Lemma slides_split o a b : slides o (Defs.Split a b) (blk K (a + b)) (blk K a ++ blk K b).
Proof.
case: a => [|a].
  apply: slides_eqm (slides_id o (black_blk b)) => //.
  exact/eqm_sym/conv_split0l.
case: b => [|b].
  rewrite cats0 addn0; apply: slides_eqm (slides_id o (black_blk a.+1)).
    exact/eqm_sym/conv_split0r.
  by split; rewrite //= addn0.
split => //.
case: o; rewrite /trav /=.
- step (rcomp (rule otrav1)).
  step (rule R9b).
  apply: eqm_sym; step (lcomp (rule otrav2)).
  rule cat_assoc.
- step (rcomp (rule otrav1)).
  step (rule R9a).
  apply: eqm_sym; step (lcomp (rule otrav2)).
  rule cat_assoc.
Qed.



Lemma slides_R2summand o a b s : (0 < s <= minn a b)%N ->
  slides o (Cross (a - s) (b - s))
    (blk K (a - s) ++ blk K (b - s)) (blk K (b - s) ++ blk K (a - s)) ->
  slides o (R2summand a b (s, s)) (blk K a ++ blk K b) (blk K b ++ blk K a).
Proof.
move=> /andP[_]; rewrite leq_min => /andP[sa sb] slX.
have slM := slides_tens (slides_merge o s (b - s)) (slides_merge o (a - s) s).
have slI := slides_tens (slides_id o (black_blk s)) (slides_tens slX (slides_id o (black_blk s))).
have slS := slides_tens (slides_split o s (a - s)) (slides_split o (b - s) s).
rewrite (subnKC sb) (subnK sa) -!catA in slM.
rewrite (subnKC sa) (subnK sb) -!catA in slS.
rewrite -!catA in slI.
exact: slides_comp slM (slides_comp slI slS).
Qed.

Lemma slides_cross o a b : slides o (Cross a b) (blk K a ++ blk K b) (blk K b ++ blk K a).
Proof.
elim/ltn_ind: a b => a IHa b.
case: (posnP a) => [-> | a_gt0].
  rewrite [_ ++ blk K 0]cats0; apply: slides_eqm (slides_id o (black_blk b)).
    exact/eqm_sym/conv_cross0l.
  by split; rewrite //= cats0.
case: (posnP b) => [-> | b_gt0].
  rewrite [_ ++ blk K 0]cats0; apply: slides_eqm (slides_id o (black_blk a)).
    exact/eqm_sym/conv_cross0r.
  by split; rewrite //= cats0.
have slSM : slides o (Comp (Defs.Split b a) (Merge a b))
                   (blk K a ++ blk K b) (blk K b ++ blk K a).
  by apply: slides_comp (slides_split o b a) _; rewrite addnC; apply: slides_merge.
have [L R2E L_diag] := R2rhs_diag (K := K) a b.
have := slides_eqm (R2 K a_gt0 b_gt0 b_gt0 a_gt0 (addnC a b)) (typed_R2rhs (addnC a b)) slSM.
rewrite R2E => slR2.
apply: slides_eqm (R2summand00 a b) _ _; first by [].
apply: slides_addKl slR2 _; first by typecheck; rewrite !subn0 addn0.
apply: slides_msum; rewrite ?black_cat ?black_blk // => -[s t] /L_diag[-> s_range].
have s_gt0 : (0 < s)%N by case/andP: s_range.
by apply: slides_R2summand s_range (IHa _ _ _); rewrite ltn_subrL s_gt0.
Qed.

End Sliding.

Theorem lemma3p4 (K : comPzRingType) (a b : nat) (u : K) :
  (0 < a)%N -> (0 < b)%N ->
  eqm (comp3 (Tens (Cross a b) (idr u)) (Tens (idb a) (Down u b)) (Tens (Down u a) (idb b)))
      (comp3 (Tens (idb b) (Down u a)) (Tens (Down u b) (idb a)) (Tens (idr u) (Cross a b)))
  /\
  eqm (comp3 (Tens (idr u) (Cross a b)) (Tens (Up a u) (idb b)) (Tens (idb a) (Up b u)))
      (comp3 (Tens (Up b u) (idb a)) (Tens (idb b) (Up a u)) (Tens (Cross a b) (idr u))).
Proof.
case: a b => [|a] [|b] // _ _.
have [_ _ _ slD] := slides_cross u true a.+1 b.+1.
have [_ _ _ slU] := slides_cross u false a.+1 b.+1.
rewrite /trav /= in slD slU; split.
- step (rcomp (rule_sym (otrav2 u true (c1 := Blk K a.+1) (c2 := Blk K b.+1)))).
  step (rule slD).
  step (lcomp (rule otrav2)).
  rule cat_assoc.
- step (rcomp (rule_sym (otrav2 u false (c1 := Blk K b.+1) (c2 := Blk K a.+1)))).
  step (rule slU).
  step (lcomp (rule otrav2)).
  rule cat_assoc.
Qed.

=-=-=

Please return the lines above that run from the line containing "o (black_blk b))." to the line containing "have s_gt0 : (0 < s)%N by case/andP: s_range.", inclusive, exactly and with no other lines.

> _RESPONSE TO THE EXERCISE_
  rewrite [_ ++ blk K 0]cats0; apply: slides_eqm (slides_id o (black_blk b)).
    exact/eqm_sym/conv_cross0l.
  by split; rewrite //= cats0.
case: (posnP b) => [-> | b_gt0].
  rewrite [_ ++ blk K 0]cats0; apply: slides_eqm (slides_id o (black_blk a)).
    exact/eqm_sym/conv_cross0r.
  by split; rewrite //= cats0.
have slSM : slides o (Comp (Defs.Split b a) (Merge a b))
                   (blk K a ++ blk K b) (blk K b ++ blk K a).
  by apply: slides_comp (slides_split o b a) _; rewrite addnC; apply: slides_merge.
have [L R2E L_diag] := R2rhs_diag (K := K) a b.
have := slides_eqm (R2 K a_gt0 b_gt0 b_gt0 a_gt0 (addnC a b)) (typed_R2rhs (addnC a b)) slSM.
rewrite R2E => slR2.
apply: slides_eqm (R2summand00 a b) _ _; first by [].
apply: slides_addKl slR2 _; first by typecheck; rewrite !subn0 addn0.
apply: slides_msum; rewrite ?black_cat ?black_blk // => -[s t] /L_diag[-> s_range].
have s_gt0 : (0 < s)%N by case/andP: s_range.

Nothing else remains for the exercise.